Before jumping into redox reactions with food molecules, let us first look at some simple cases. For example, when zinc metal is submerged into a quantity of aqueous \(\ce{HCl}\), the following reaction occurs (Figure \(\PageIndex{1}\)):
\[\ce{Zn (s) + 2HCl (aq) → H2 (g) + ZnCl2(aq)} \label{eq:1} \]
This is one example of what is sometimes called a single replacement reaction because \(\ce{Zn}\) replaces \(\ce{H}\) in combination with \(\ce{Cl}\).
Because some of the substances in this reaction are aqueous, we can separate them into ions:
\[\ce{Zn (s) + 2H^{+} (aq) + 2Cl^{−} (aq) → H2(g) + Zn^{2+} (aq) + 2Cl^{−} (aq)} \nonumber \]
Viewed this way, the net reaction seems to be a charge transfer between zinc and hydrogen atoms. (There is no net change experienced by the chloride ion.) In fact, electrons are being transferred from the zinc atoms to the hydrogen atoms (which ultimately make a molecule of diatomic hydrogen), changing the charges on both elements.
To understand electron-transfer reactions like the one between zinc metal and hydrogen ions, chemists separate them into two parts: one part focuses on the loss of electrons, and one part focuses on the gain of electrons. The loss of electrons is called oxidation.
The gain of electrons is called reduction. Because any loss of electrons by one substance must be accompanied by a gain in electrons by something else, oxidation and reduction always occur together.
As such, electron-transfer reactions are also called oxidation-reduction reactions, or simply redox reactions. The atom that loses electrons is oxidized, and the atom that gains electrons is reduced.
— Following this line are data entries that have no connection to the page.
Lemma vsum_p u : u \in F -> mul (vsum F) (p u) = p u /\ mul (p u) (vsum F) = p u.
Proof.
have [F_uniq vF] := F_vertex; move=> uF; rewrite /vsum nua_mul_suml nua_mul_sumr.
by split; rewrite (bigD1_seq u) //= (p_idem (vF u uF)) big1_seq ?addr0 //
  => w /andP [/eqP wu wF]; apply: p_orth => //; by [apply: vF | move/esym].
Qed.

Lemma p_vsum_notin v : vertex v -> v \notin F -> mul (p v) (vsum F) = 0.
Proof.
move=> vv vF; rewrite /vsum nua_mul_sumr big1_seq // => w /andP [_ wF].
by apply: p_orth => //; [apply: F_vertex.2 | move=> vw; rewrite vw wF in vF].
Qed.

End VertexSum.

Lemma local_unit_sub F F' a : vertex_seq F' -> {subset F <= F'} ->
  local_unit F a -> local_unit F' a.
Proof.
move=> F'_vertex FF' [Fa aF]; have vsum_FF' : mul (vsum F') (vsum F) = vsum F /\
    mul (vsum F) (vsum F') = vsum F.
  rewrite {2 4}/vsum nua_mul_sumr nua_mul_suml; split; apply: eq_big_seq => u uF.
    by case: (vsum_p F'_vertex (FF' u uF)).
  by case: (vsum_p F'_vertex (FF' u uF)).
by split; [rewrite -Fa nua_mulA vsum_FF'.1 | rewrite -aF -nua_mulA vsum_FF'.2].
Qed.

Lemma vertex_seq_undup_cat F F' : vertex_seq F -> vertex_seq F' -> vertex_seq (undup (F ++ F')).
Proof.
move=> [_ vF] [_ vF']; split; first exact: undup_uniq.
by move=> u; rewrite mem_undup mem_cat => /orP [/vF | /vF'].
Qed.

Lemma local_unit_merge F F' a b : vertex_seq F -> vertex_seq F' ->
  local_unit F a -> local_unit F' b ->
  local_unit (undup (F ++ F')) a /\ local_unit (undup (F ++ F')) b.
Proof.
move=> vF vF' Fa F'b; have vFF' := vertex_seq_undup_cat vF vF'.
split; [apply: local_unit_sub Fa | apply: local_unit_sub F'b] => // u uF;
  by rewrite mem_undup mem_cat uF ?orbT.
Qed.

Lemma local_unit_of_vertices u w a : vertex u -> vertex w ->
  mul (p u) a = a -> mul a (p w) = a -> exists2 F, vertex_seq F & local_unit F a.
Proof.
move=> vu vw ua aw; have vF : vertex_seq (undup [:: u; w]).
  by split=> [|x]; rewrite ?undup_uniq // mem_undup !inE => /orP [] /eqP ->.
exists (undup [:: u; w]) => //; split.
  by rewrite -ua nua_mulA (vsum_p vF _).1 // mem_undup mem_head.
by rewrite -aw -nua_mulA (vsum_p vF _).2 // mem_undup !inE eqxx orbT.
Qed.

Lemma exists_local_unit : KP_generated p S Sstar ->
  forall a, exists2 F, vertex_seq F & local_unit F a.
Proof.
move=> gen; apply: gen.
- by move=> v vv; apply: (local_unit_of_vertices vv vv); apply: p_idem.
- move=> l nvl; have [rS Ss sS Sr] := KP2_nonvertex nvl.
  split; first exact: (local_unit_of_vertices (vertex_r l) (vertex_s l)).
  exact: (local_unit_of_vertices (vertex_s l) (vertex_r l)).
- by exists [::] => //; rewrite /local_unit nua_mul0l nua_mul0r.
- move=> a b [F vF Fa] [F' vF' F'b]; have [[a1 a2] [b1 b2]] := local_unit_merge vF vF' Fa F'b.
  exists (undup (F ++ F')); first exact: vertex_seq_undup_cat.
  by split; rewrite ?nua_mulDr ?nua_mulDl ?a1 ?a2 ?b1 ?b2.
- move=> x a [F vF [Fa aF]]; exists F => //.
  by split; rewrite ?nua_mulZr ?nua_mulZl ?Fa ?aF.
- move=> a b [F vF Fa] [F' vF' F'b]; have [[a1 _] [_ b2]] := local_unit_merge vF vF' Fa F'b.
  exists (undup (F ++ F')); first exact: vertex_seq_undup_cat.
  by split; [rewrite nua_mulA a1 | rewrite -nua_mulA b2].
Qed.

Lemma vsum_mul_scalar F z (c : R) : (forall u, u \in F -> mul (p u) z = c *: p u) ->
  mul (vsum F) z = c *: vsum F.
Proof.
by move=> Fz; rewrite /vsum nua_mul_suml scaler_sumr; apply: eq_big_seq.
Qed.

Inductive kp_span : A -> Prop :=
| kp_span0 : kp_span 0
| kp_span_monomial l m : kp_span (mul (Sx l) (Sxstar m))
| kp_spanD a b : kp_span a -> kp_span b -> kp_span (a + b)
| kp_spanZ (x : R) a : kp_span a -> kp_span (x *: a).

Lemma kp_span_sum (sq : seq P) (F : P -> A) :
  (forall l, l \in sq -> kp_span (F l)) -> kp_span (\sum_(l <- sq) F l).
Proof.
elim: sq => [|x sq IH] h; first by rewrite big_nil; apply: kp_span0.
rewrite big_cons; apply: kp_spanD; first by apply: h; rewrite mem_head.
by apply: IH => l hl; apply: h; rewrite in_cons hl orbT.
Qed.

Lemma kp_span_Sx_mul l a : kp_span a -> kp_span (mul (Sx l) a).
Proof.
elim=> [|g e|a1 a2 _ IH1 _ IH2|x a1 _ IH].
- by rewrite nua_mul0r; apply: kp_span0.
- rewrite nua_mulA; case: (s l =P r g) => lg.
    by rewrite Sx_comp //; apply: kp_span_monomial.
  by rewrite Sx_Sx_eq0 // nua_mul0l; apply: kp_span0.
- by rewrite nua_mulDr; apply: kp_spanD.
- by rewrite nua_mulZr; apply: kp_spanZ.
Qed.

Lemma kp_span_mul_Sxstar m a : kp_span a -> kp_span (mul a (Sxstar m)).
Proof.
elim=> [|g e|a1 a2 _ IH1 _ IH2|x a1 _ IH].
- by rewrite nua_mul0l; apply: kp_span0.
- rewrite -nua_mulA; case: (s m =P r e) => me.
    by rewrite Sxstar_comp //; apply: kp_span_monomial.
  by rewrite Sxstar_Sxstar_eq0 // nua_mul0r; apply: kp_span0.
- by rewrite nua_mulDl; apply: kp_spanD.
- by rewrite nua_mulZl; apply: kp_spanZ.
Qed.

Hypothesis rowfin : row_finite G.

(* Insert p (r mu) = sum of s_rho s_rho* over r(mu) Lambda^N, N = d mu \/ d al;
   each term s_mu* s_rho s_rho* s_al is then a monomial or zero. *)
Lemma kp_span_Sxstar_Sx mu al : kp_span (mul (Sxstar mu) (Sx al)).
Proof.
case: (r mu =P r al) => [r_eq|r_neq]; last by rewrite Sxstar_Sx_eq0 //; apply: kp_span0.
set N := djoin (d mu) (d al).
case: (N =P dzero k) => [N0|N_neq0].
  have vertex_le l : dle (d l) N -> vertex l.
    by move=> hl; apply: deg_ext => i; have := hl i; rewrite N0 !ffunE; lia.
  have v_mu := vertex_le mu (dle_joinl _ _).
  have -> : al = mu by rewrite -(kvert_r (vertex_le al (dle_joinr _ _))) -r_eq kvert_r.
  rewrite (Sxstar_vertex v_mu) (Sx_vertex v_mu) -{1}(Sx_vertex v_mu) -(Sxstar_vertex v_mu).
  exact: kp_span_monomial.
have vr_mu : vertex (r mu) by apply: vertex_r.
have [sq sq_uniq sqP] := paths_enum N rowfin vr_mu.
rewrite -Sxstar_r // (KP4_Sx vr_mu N_neq0 sq_uniq sqP) nua_mul_sumr nua_mul_suml.
apply: kp_span_sum => rho /sqP [_ d_rho].
rewrite !nua_mulA -(nua_mulA _ (Sxstar rho)).
have mu_le : dle (d mu) (d rho) by rewrite d_rho; apply: dle_joinl.
have al_le : dle (d al) (d rho) by rewrite d_rho; apply: dle_joinr.
rewrite (Sxstar_short_Sx mu_le) (Sxstar_Sx_short al_le).
case: eqP => _; last by rewrite nua_mul0l; apply: kp_span0.
by case: eqP => _; [apply: kp_span_monomial | rewrite nua_mul0r; apply: kp_span0].
Qed.

Lemma kp_span_mul a b : kp_span a -> kp_span b -> kp_span (mul a b).
Proof.
move=> span_a span_b; elim: span_a => [|l m|a1 a2 _ IH1 _ IH2|x a1 _ IH].
- by rewrite nua_mul0l; apply: kp_span0.
- rewrite -nua_mulA; apply: kp_span_Sx_mul.
  elim: span_b => [|g e|b1 b2 _ IH1 _ IH2|x b1 _ IH].
  + by rewrite nua_mul0r; apply: kp_span0.
  + by rewrite nua_mulA; apply/kp_span_mul_Sxstar/kp_span_Sxstar_Sx.
  + by rewrite nua_mulDr; apply: kp_spanD.
  + by rewrite nua_mulZr; apply: kp_spanZ.
- by rewrite nua_mulDl; apply: kp_spanD.
- by rewrite nua_mulZl; apply: kp_spanZ.
Qed.

Lemma kp_span_generated : KP_generated p S Sstar -> forall a, kp_span a.
Proof.
move=> gen; apply: gen.
- move=> v vv; rewrite -(p_idem vv) -{1}(Sx_vertex vv) -(Sxstar_vertex vv).
  exact: kp_span_monomial.
- move=> l l_nv; have [_ S_s S_s' _] := KP2_nonvertex l_nv; split.
    have := kp_span_monomial l (s l).
    by rewrite Sx_nonvertex // (Sxstar_vertex (vertex_s l)) S_s.
  have := kp_span_monomial (s l) l.
  by rewrite Sxstar_nonvertex // (Sx_vertex (vertex_s l)) S_s'.
- exact: kp_span0.
- by move=> *; apply: kp_spanD.
- by move=> *; apply: kp_spanZ.
- by move=> *; apply: kp_span_mul.
Qed.

Lemma Sxstar_Sx_ext_neq u v u' v' : s u = r v -> s u' = r v' -> d u = d u' -> u <> u' ->
  mul (Sxstar (comp u v)) (Sx (comp u' v')) = 0.
Proof.
move=> uv uv' duu' /eqP/negPf neq.
by rewrite Sxstar_Sx_comp // Sxstar_Sx // neq nua_mul0l nua_mul0r.
Qed.

Lemma Sxstar_Sx_ext_eq0 u u' v : s u = r v -> s u' = r v ->
  mul (Sxstar u) (Sx u') = 0 -> mul (Sxstar (comp u v)) (Sx (comp u' v)) = 0.
Proof. by move=> uv u'v uu'0; rewrite Sxstar_Sx_comp // uu'0 nua_mul0l nua_mul0r. Qed.

Hypothesis aper : aperiodic G.

(* Aperiodicity at s x, applied to the degrees d y and d x, yields al whose
   segments al(d y, d y + e) and al(d x, d x + e) differ; hence x al and y al
   already differ in their initial parts of the common degree d x + d y + e. *)
Lemma aperiodic_orthogonal_extension x y : s x = s y -> d x <> d y ->
  exists2 al, r al = s x & mul (Sxstar (comp x al)) (Sx (comp y al)) = 0.
Proof.
move=> sxy dxy; have [al [r_al le_al seg_neq]] := aper (vertex_s x) (nesym dxy).
exists al => //.
set e := dsub (d al) (djoin (d y) (d x)) in seg_neq.
have le_y : dle (dadd (d y) e) (d al).
  by move=> i; have := le_al i; rewrite !ffunE; lia.
have le_x : dle (dadd (d x) e) (d al).
  by move=> i; have := le_al i; rewrite !ffunE; lia.
have seg_ne := seg_neq _ _ (segment_kprefix_ksuffix le_y) (segment_kprefix_ksuffix le_x).
have x_u : s x = r (kprefix al (dadd (d y) e)) by rewrite kprefix_r // r_al.
have y_u' : s y = r (kprefix al (dadd (d x) e)) by rewrite kprefix_r // r_al sxy.
have u_c := kprefix_ksuffix le_y; have u'_c := kprefix_ksuffix le_x.
have split_x : comp x al =
    comp (comp x (kprefix al (dadd (d y) e))) (ksuffix al (dadd (d y) e)).
  by rewrite kcomp_assoc // kcomp_kprefix_ksuffix.
have split_y : comp y al =
    comp (comp y (kprefix al (dadd (d x) e))) (ksuffix al (dadd (d x) e)).
  by rewrite kcomp_assoc // kcomp_kprefix_ksuffix.
have dxy_sym : dadd (d x) (d y) = dadd (d y) (d x).
  by apply: deg_ext => i; rewrite !ffunE addnC.
rewrite split_x split_y; apply: Sxstar_Sx_ext_neq; rewrite ?kcomp_s //.
  rewrite !kcomp_d // !kprefix_d //.
  by apply: deg_ext => i; rewrite !ffunE; lia.
by apply: (kcomp_kprefix_neq _ _ dxy_sym le_y le_x seg_ne); rewrite r_al ?sxy.
Qed.

Definition compressible (a : A) := forall g, exists2 al, r al = s g & exists c : R,
  forall be, r be = s al ->
    mul (Sxstar (comp (comp g al) be)) (mul a (Sx (comp (comp g al) be))) = c *: p (s be).

Lemma compressible0 : compressible 0.
Proof.
move=> g; exists (s g); first exact: kr_ks.
by exists 0 => be _; rewrite nua_mul0l nua_mul0r scale0r.
Qed.

Lemma compressibleZ (x : R) a : compressible a -> compressible (x *: a).
Proof.
move=> ca g; have [al r_al [c al_c]] := ca g.
exists al => //; exists (x * c) => be r_be.
by rewrite nua_mulZl nua_mulZr al_c // scalerA.
Qed.

Lemma compressibleD a b : compressible a -> compressible b -> compressible (a + b).
Proof.
move=> ca cb g; have [a1 r_a1 [c1 a1_c1]] := ca g.
have [a2 r_a2 [c2 a2_c2]] := cb (comp g a1).
rewrite kcomp_s // in r_a2.
exists (comp a1 a2); first by rewrite kcomp_r.
exists (c1 + c2) => be r_be; rewrite kcomp_s // in r_be.
have E1 : comp (comp g (comp a1 a2)) be = comp (comp g a1) (comp a2 be).
  by rewrite -!kcomp_assoc ?kcomp_s.
have E2 : comp (comp g (comp a1 a2)) be = comp (comp (comp g a1) a2) be.
  by rewrite -kcomp_assoc.
rewrite nua_mulDl nua_mulDr {1 2}E1 a1_c1 ?kcomp_r // E2 a2_c2 // kcomp_s //.
by rewrite scalerDl.
Qed.

Lemma Sxstar_monomial_Sx g l m t : dle (d l) (d g) -> dle (d m) (d g) -> s g = r t ->
  mul (Sxstar (comp g t)) (mul (mul (Sx l) (Sxstar m)) (Sx (comp g t))) =
  if (kprefix g (d l) == l) && (kprefix g (d m) == m) then
    mul (Sxstar (comp (ksuffix g (d l)) t)) (Sx (comp (ksuffix g (d m)) t)) else 0.
Proof.
move=> le_l le_m gt.
have le_lt : dle (d l) (d (comp g t)) by rewrite kcomp_d //; apply: dle_trans le_l (dle_addr _ _).
have le_mt : dle (d m) (d (comp g t)) by rewrite kcomp_d //; apply: dle_trans le_m (dle_addr _ _).
rewrite -nua_mulA nua_mulA Sxstar_Sx_short // Sxstar_short_Sx //.
have [-> ->] := kfactor_kcomp_ext le_l gt; have [-> ->] := kfactor_kcomp_ext le_m gt.
case: eqP => _; last by rewrite nua_mul0l.
by case: eqP => _; rewrite ?nua_mul0r.
Qed.

Hypothesis nosrc : no_sources G.

Lemma compressible_monomial l m : compressible (mul (Sx l) (Sxstar m)).
Proof.
move=> g; have [a0 [r_a0 d_a0]] := nosrc (djoin (d l) (d m)) (vertex_s g).
set g' := comp g a0.
have le_g' : dle (djoin (d l) (d m)) (d g').
  by rewrite kcomp_d // d_a0 => i; rewrite !ffunE; lia.
have le_l := dle_trans (dle_joinl _ _) le_g'.
have le_m := dle_trans (dle_joinr _ _) le_g'.
have s_g' : s g' = s a0 by rewrite kcomp_s.
have s_xy : s (ksuffix g' (d l)) = s (ksuffix g' (d m)) by rewrite !ksuffix_s.
case: (d l =P d m) => [dlm | dlm].
  exists a0 => //; exists (if (kprefix g' (d l) == l) && (kprefix g' (d m) == m) then 1 else 0).
  move=> be r_be; rewrite Sxstar_monomial_Sx ?s_g' //.
  case: ifP => _; last by rewrite scale0r.
  by rewrite -dlm Sxstar_Sx // eqxx kcomp_s ?ksuffix_s ?s_g' // scale1r.
have dxy : d (ksuffix g' (d l)) <> d (ksuffix g' (d m)).
  rewrite !ksuffix_d // => /(congr1 (fun f : deg k => dadd f (djoin (d l) (d m)))) E.
  apply: dlm; apply: deg_ext => i; have := congr1 (fun f : deg k => f i) E.
  by have := le_l i; have := le_m i; rewrite !ffunE; lia.
have [a1 r_a1 xy0] := aperiodic_orthogonal_extension s_xy dxy.
rewrite ksuffix_s // s_g' in r_a1.
exists (comp a0 a1); first by rewrite kcomp_r.
exists 0 => be r_be; rewrite scale0r; rewrite kcomp_s // in r_be.
have -> : comp (comp g (comp a0 a1)) be = comp g' (comp a1 be).
  by rewrite -!kcomp_assoc ?kcomp_s.
rewrite Sxstar_monomial_Sx ?kcomp_r ?s_g' //; case: ifP => // _.
have x_a1 : s (ksuffix g' (d l)) = r a1 by rewrite ksuffix_s // s_g'.
have y_a1 : s (ksuffix g' (d m)) = r a1 by rewrite -s_xy.
rewrite -(kcomp_assoc x_a1 (esym r_be)) -(kcomp_assoc y_a1 (esym r_be)).
by apply: (Sxstar_Sx_ext_eq0 _ _ xy0); rewrite kcomp_s.
Qed.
Also, because we can think of the species being oxidized as causing the reduction, the species being oxidized is called the reducing agent, and the species being reduced is called the oxidizing agent.
Because batteries are used as sources of electricity (that is, of electrons), all batteries are based on redox reactions.
Although the two reactions occur together, it can be helpful to write the oxidation and reduction reactions separately as half reactions. In half reactions, we include only the reactant being oxidized or reduced, the corresponding product species, any other species needed to balance the half reaction, and the electrons being transferred. Electrons that are lost are written as products; electrons that are gained are written as reactants. For example, in our earlier equation, now written without the chloride ions,
\[\ce{Zn (s) + 2H^{+} (aq) → Zn^{2+}(aq) + H2(g)} \nonumber \]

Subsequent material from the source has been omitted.